MULTIPLE CONTEXTS AND THE PHENOMENOLOGY OF ACADEMIC WRITING: RETHINKING MILLER’S GENRE AS SOCIAL ACTION

David R. Russell

Iowa State University, Ames, Iowa, USA

How do students learn to write in a new discipline? In most contexts they do so without explicit instruction. And many are successful (though not enough of course) at mastering the new genres, often within a few years. Yet we know little about this common socio­cognitive process, as writing studies has focused on giving students explicitly defined “genre knowledge” or “genre moves.” Miller’s theory of genre as social action suggests an answer to this prior question of how uninstructed genre acquisition occurs: “writing without teachers.” It is based on Schutz’s concept of typification: humans respond to a repeated social situation by constructing generalizations (typifications) about what actions and motives are possible or appropriate, and develop (discursive) habits of action accordingly. Both the late Schutz and Merleau­Ponty, who influenced Schutz’s later concept of typification, argue that situations are the result of perception and not definition (which occurs after typification, if at all). Both call this process “harminziation” of one individual with others, and it has a bodily and affective core. Session participants will do a phenomenological exercise, in which they write about their own experience of learning a new discipline’s discourse. They will recall the ways they came to “harmonize” their discourse with that of their chosen field. The insights from this exercise can be applied to understanding how students appropriate genres and discourse tacitly, often unconsciously, from reading and listening to the discourse of a new discipline. Handouts with helps for leading students through a similar exercise will be provided.

References

Bazerman, C., 2013. ​ A Rhetoric of Literate Action​ volume 2.

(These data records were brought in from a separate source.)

Lemma unit_step_upper Q i j : unit_step_form Q -> i <= n -> j <= n ->
  qv Q i j <= minn i j.
Proof.
move=> hq hi hj; have [Gi Gj] := unit_step_lipschitz hq; case: hq => _ Hn _ _.
have := Gi i n j hi (leqnn _) hj; have := Gj i j n hj (leqnn _) hi.
have := Hn i hi; have := Hn j hj; lia.
Qed.

Lemma unit_step_lower Q a b : unit_step_form Q -> a <= n -> b <= n ->
  a + b <= qv Q a b + n.
Proof.
move=> hq ha hb; have [_ Gj] := unit_step_lipschitz hq; case: hq => _ Hn _ _.
have := Gj a b n hb (leqnn _) ha; have := Hn a ha; lia.
Qed.

Lemma unit_step_boundary_2inc Q : unit_step_form Q ->
  forall i i' j j', i <= i' -> i' <= n -> j <= j' -> j' <= n ->
    [|| in_bd n i, in_bd n i', in_bd n j | in_bd n j'] ->
    qv Q i j' + qv Q i' j <= qv Q i j + qv Q i' j'.
Proof.
move=> hq i i' j j' hi hi' hj hj' hb.
have [Gi Gj] := unit_step_lipschitz hq; case: hq => H0 Hn _ _.
have hin : i <= n by apply: leq_trans hi hi'.
have hjn : j <= n by apply: leq_trans hj hj'.
have := Gi i i' j hi hi' hjn; have := Gi i i' j' hi hi' hj'.
have := Gj i j j' hj hj' hin; have := Gj i' j j' hj hj' hi'.
case/or4P: hb => /orP [] /eqP E.
- rewrite E (proj2 (H0 _ hj')) (proj2 (H0 _ hjn)); lia.
- have E' : i' = n by lia.
  rewrite E E' (proj2 (Hn _ hj')) (proj2 (Hn _ hjn)); lia.
- have E' : i = 0 by lia.
  rewrite E E' (proj2 (H0 _ hj')) (proj2 (H0 _ hjn)); lia.
- rewrite E (proj2 (Hn _ hj')) (proj2 (Hn _ hjn)); lia.
- rewrite E (proj1 (H0 _ hin)) (proj1 (H0 _ hi')); lia.
- have E' : j' = n by lia.
  rewrite E E' (proj1 (Hn _ hin)) (proj1 (Hn _ hi')); lia.
- have E' : j = 0 by lia.
  rewrite E E' (proj1 (H0 _ hin)) (proj1 (H0 _ hi')); lia.
- rewrite E (proj1 (Hn _ hin)) (proj1 (Hn _ hi')); lia.
Qed.

Lemma quasi_copulaP Q : quasi_copula Q <-> unit_step_form Q.
Proof.
split.
- case=> _ _ H0 Hn [Mi Mj I]; split => //.
  + move=> i j hi hj; have := Mi i i.+1 j (leqnSn _) hi hj.
    have := I i i.+1 j n (leqnSn _) hi hj (leqnn _).
    rewrite /in_bd eqxx !orbT => /(_ isT).
    rewrite (proj1 (Hn i (ltnW hi))) (proj1 (Hn i.+1 hi)); lia.
  + move=> i j hj hi; have := Mj i j j.+1 (leqnSn _) hj hi.
    have := I i n j j.+1 hi (leqnn _) (leqnSn _) hj.
    rewrite /in_bd eqxx !orbT => /(_ isT).
    rewrite (proj2 (Hn j (ltnW hj))) (proj2 (Hn j.+1 hj)); lia.
- move=> hq; have [Gi Gj] := unit_step_lipschitz hq.
  have hq' := hq; case: hq' => H0 Hn _ _; split => //.
  + move=> i j hi hj; have := unit_step_upper hq hi hj; lia.
  + by move=> k hk; exists k, n; split => //; apply: (proj1 (Hn k hk)).
  + split; last exact: unit_step_boundary_2inc.
    * by move=> i i' j h1 h2 h3; case/andP: (Gi i i' j h1 h2 h3).
    * by move=> i j j' h1 h2 h3; case/andP: (Gj i j j' h1 h2 h3).
Qed.

Lemma qv_ord Q (i j : 'I_n.+1) : qv Q i j = Q (i, j).
Proof. by rewrite /qv !inord_val. Qed.

Lemma qfun_ext P Q :
  (forall i j, i <= n -> j <= n -> qv P i j = qv Q i j) -> P = Q.
Proof.
by move=> H; apply/ffunP => -[i j]; rewrite -!qv_ord; apply: H; rewrite -ltnS.
Qed.

Lemma qleP P Q :
  (forall i j, i <= n -> j <= n -> qv P i j <= qv Q i j) -> qle P Q.
Proof. by move=> H i j; rewrite -!qv_ord; apply: H; rewrite -ltnS. Qed.

Lemma qleE P Q i j : qle P Q -> qv P i j <= qv Q i j.
Proof. by move=> H; apply: H. Qed.

Lemma qle_anti P Q : qle P Q -> qle Q P -> P = Q.
Proof.
by move=> hPQ hQP; apply/ffunP => -[i j]; apply/eqP; rewrite eqn_leq hPQ hQP.
Qed.

Definition qmin x y : qfun n := [ffun p => minn (x p) (y p)].

Lemma qv_min x y i j : qv (qmin x y) i j = minn (qv x i j) (qv y i j).
Proof. by rewrite /qv ffunE. Qed.

Lemma qmin_unit_step x y :
  unit_step_form x -> unit_step_form y -> unit_step_form (qmin x y).
Proof.
move=> [z1 n1 i1 j1] [z2 n2 i2 j2]; split.
- move=> i hi; rewrite !qv_min; have := z1 i hi; have := z2 i hi; lia.
- move=> i hi; rewrite !qv_min; have := n1 i hi; have := n2 i hi; lia.
- move=> i j hi hj; rewrite !qv_min; have := i1 i j hi hj; have := i2 i j hi hj; lia.
- move=> i j hj hi; rewrite !qv_min; have := j1 i j hj hi; have := j2 i j hj hi; lia.
Qed.

Lemma qmin_quasi x y :
  quasi_copula x -> quasi_copula y -> quasi_copula (qmin x y).
Proof. by move=> /quasi_copulaP hx /quasi_copulaP hy; apply/quasi_copulaP/qmin_unit_step. Qed.

Lemma qmin_lel x y : qle (qmin x y) x.
Proof. by move=> i j; rewrite ffunE geq_minl. Qed.

Lemma qmin_ler x y : qle (qmin x y) y.
Proof. by move=> i j; rewrite ffunE geq_minr. Qed.
(* Let $A$ be a finite set of alternatives with $|A|\ge 3$, let $N=\{1,\dots,n\}$ with $n\ge 2$, and let $\mathbb{D}$ be a minimally rich and L-tops-only domain of linear orders over $A$. If $\mathbb{D}$ is connected with two distinct neighbours, then every unanimous and locally strategy-proof social choice function $f:\mathbb{D}^n\to A$ satisfies dictatorship.
   Context: A domain is a set $\mathbb{D}$ of linear orders (strict preferences) over $A$; a preference profile is $P=(P_1,\dots,P_n)\in\mathbb{D}^n$. For a linear order $P_i$, $r_k(P_i)$ is its $k$-th ranked alternative. $\mathbb{D}$ is minimally rich if every $a\in A$ is ranked first in some $P_i\in\mathbb{D}$. Two linear orders $P_i,P_i'$ are adjacent ($P_i\sim P_i'$) if $P_i'$ is obtained from $P_i$ by swapping two consecutively ranked alternatives and leaving all other ranks unchanged. A social choice function (scf) is a map $f:\mathbb{D}^n\to A$. It is unanimous if $f(P)=a$ whenever every voter ranks $a$ first. It is locally strategy-proof if there is no voter $i$, profile $P$, and $P_i'\in\mathbb{D}$ with $P_i'\sim P_i$ such that $f(P_i',P_{-i})\,P_i\,f(P_i,P_{-i})$. It satisfies dictatorship if there is a voter $i$ with $f(P)=r_1(P_i)$ for all $P\in\mathbb{D}^n$. It satisfies tops-onlyness if $f(P)=f(P')$ whenever $r_1(P_i)=r_1(P_i')$ for all $i$. $\mathbb{D}$ is L-tops-only if every unanimous and locally strategy-proof scf $f:\mathbb{D}^n\to A$ satisfies tops-onlyness. A path in $\mathbb{D}$ is a sequence of distinct preferences in $\mathbb{D}$ in which consecutive ones are adjacent; $\mathbb{D}$ is connected if any two of its preferences are joined by a path in $\mathbb{D}$. For $\bar{\mathbb{D}}\subseteq\mathbb{D}$, a neighbour of $\bar{\mathbb{D}}$ in $\mathbb{D}$ is a $P_i\in\mathbb{D}\setminus\bar{\mathbb{D}}$ adjacent to some element of $\bar{\mathbb{D}}$. Two preferences $P_i,P_i'\in\mathbb{D}$ are top-connected in $\mathbb{D}$ if there is a path from $P_i$ to $P_i'$ in $\mathbb{D}$ all of whose members have the same top-ranked alternative. The top-connected closure $\mathbb{D}^{TCC}(P_i)$ is the set of preferences in $\mathbb{D}$ top-connected to $P_i$, together with $P_i$. $\mathbb{D}$ is connected with two distinct neighbours if (1) $\mathbb{D}$ is connected, and (2) for every $P_i\in\mathbb{D}$ there exist two neighbours $P_i',P_i''$ of $\mathbb{D}^{TCC}(P_i)$ in $\mathbb{D}$ with $r_1(P_i')\ne r_1(P_i'')$. *)

From mathcomp Require Import all_boot all_fingroup.
Set Implicit Arguments. Unset Strict Implicit. Unset Printing Implicit Defensive.
(** * The wall in the Cayley graph *)

Lemma edge_translate_unique g g' y y' :
  on_edge a b (act g y) (act g y') -> on_edge a b (act g' y) (act g' y') -> g = g'.
Proof.
  intros H H'.
  assert (Hk : forall t, act (g ** ginv g') (act g' t) = act g t)
    by (intro t; now rewrite actM, actK).
  assert (E : g ** ginv g' = one).
  { apply Hstab. pose proof (Hk y). pose proof (Hk y').
    destruct H as [[A B]|[A B]], H' as [[A' B']|[A' B']];
      [left | right | right | left]; split; congruence. }
  now rewrite <- (mulgKV g' g), E, mul1g.
Qed.

Lemma finite_edge_translates W l : exists C : list G, forall g i, i < l ->
  on_edge a b (act g (W i)) (act g (W (S i))) -> In g C.
Proof.
  induction l as [|l [C HC]].
  - exists nil. intros g i Hi. lia.
  - destruct (classic (exists g0, on_edge a b (act g0 (W l)) (act g0 (W (S l)))))
      as [[g0 Hg0]|Hno]; [exists (g0 :: C) | exists C];
      intros g i Hi He; destruct (Nat.eq_dec i l) as [->|Hne].
    + left. eapply edge_translate_unique; eauto.
    + right. apply (HC g i); auto. lia.
    + exfalso. eauto.
    + apply (HC g i); auto. lia.
Qed.

Definition separated y y' : Prop := ~ (Ta y <-> Ta y').

Lemma walk_crosses_edge p n : walk adj p n -> separated (p 0) (p n) ->
  exists i, i < n /\ on_edge a b (p i) (p (S i)).
Proof.
  intros Hw Hsep. unfold separated in Hsep. destruct (classic (Ta (p 0))) as [H0|H0].
  - destruct (walk_exit_half b a p n Hw H0) as (s & Hs & E1 & E2); [tauto|].
    exists s. split; [exact Hs | now left].
  - destruct (walk_enter_half b a p n Hw H0) as (s & Hs & E1 & E2); [tauto|].
    exists s. split; [exact Hs | now right].
Qed.

(* The translate by [g] of a walk from [a] to [t a] then passes through the edge. *)
Lemma finite_step_crossers t : exists C : list G, forall g,
  separated (act g a) (act (g ** t) a) -> In g C.
Proof.
  destruct (adj_conn a (act t a)) as (W & l & Hw & W0 & Wl).
  destruct (finite_edge_translates W l) as [C HC].
  exists C. intros g Hsep.
  destruct (walk_crosses_edge (fun i => act g (W i)) l (walk_act g W l Hw)) as (i & Hi & He).
  - now rewrite W0, Wl, <- actM.
  - eapply HC; eauto.
Qed.
(* Let $d\geq 2$, energies $E_1\leq\dots\leq E_d$, inverse temperatures $\alpha>\beta\geq 0$, and $\gamma_k=e^{-\alpha E_k}/\sum_i e^{-\alpha E_i}$, $\Gamma_k=e^{-\beta E_k}/\sum_i e^{-\beta E_i}$. Define $$\tilde{\gamma}_1=\frac{\Gamma_1(\gamma_1-\gamma_d)}{\Gamma_1(1-\gamma_d)-\Gamma_d(1-\gamma_1)},\qquad \tilde{\Gamma}_d=\frac{\Gamma_d(\gamma_1-\gamma_d)}{\Gamma_1(1-\gamma_d)-\Gamma_d(1-\gamma_1)}.$$ For $d$-dimensional probability distributions $\mathbf{p}$ and $\mathbf{q}$ satisfying $\Gamma_d\leq p_d\leq\tilde{\Gamma}_d$ and $\gamma_1\leq q_1\leq\tilde{\gamma}_1$, there exist probability distributions $\mathbf{p}',\mathbf{p}'',\mathbf{q}',\mathbf{q}''$ such that $$\mathbf{p}\succ_{\boldsymbol{\gamma}}\mathbf{p}'\succ_{\boldsymbol{\Gamma}}\mathbf{p}'',\qquad \mathbf{q}\succ_{\boldsymbol{\Gamma}}\mathbf{q}'\succ_{\boldsymbol{\gamma}}\mathbf{q}'',$$ and $$p_d''=\frac{(1-\gamma_1)\Gamma_d}{(1-\gamma_d)\Gamma_1}p_d+\frac{(\gamma_1-\gamma_d)\Gamma_d}{(1-\gamma_d)\Gamma_1},\qquad q_1''=\frac{(1-\gamma_1)\Gamma_d}{(1-\gamma_d)\Gamma_1}q_1+\frac{\gamma_1-\gamma_d}{1-\gamma_d},$$ so that $p_d\leq p_d''\leq\tilde{\Gamma}_d$ and $q_1\leq q_1''\leq\tilde{\gamma}_1$.
   Context: For a full-support probability vector $\mathbf{g}$, $\mathbf{p}\succ_{\mathbf{g}}\mathbf{q}$ (thermomajorisation) means: ordering indices by a permutation $\pi$ with $p_{\pi_i}/g_{\pi_i}$ non-increasing in $i$, the piecewise linear curve through the points $\left(\sum_{i\leq j}g_{\pi_i},\sum_{i\leq j}p_{\pi_i}\right)$, $j=0,\dots,d$, is nowhere below the analogous curve of $\mathbf{q}$. *)

From HB Require Import structures.
From mathcomp Require Import all_boot all_order all_algebra fingroup perm.
From mathcomp Require Import all_classical all_reals.
From mathcomp Require Import sequences exp.
Set Implicit Arguments. Unset Strict Implicit. Unset Printing Implicit Defensive.
Import Order.TTheory GRing.Theory Num.Theory.
Local Open Scope ring_scope.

Merleau­Ponty, M. 2012. ​ Phenomenology of Perception. Translated by Donald A. Landes. London/NY, Routledge.

Miller, C.R., 1984. Genre as social action. ​ Quarterly Journal of Speech​ 70, 151–167.

Russell, D. R., 2010. Writing in multiple contexts: Vygotskian CHAT meets the phenomenology of genre. Traditions of writing research​ 353–364.

Schutz, A., 1950. Language, language disturbances, and the texture of consciousness. ​ Social Research ​ 17, 365–394.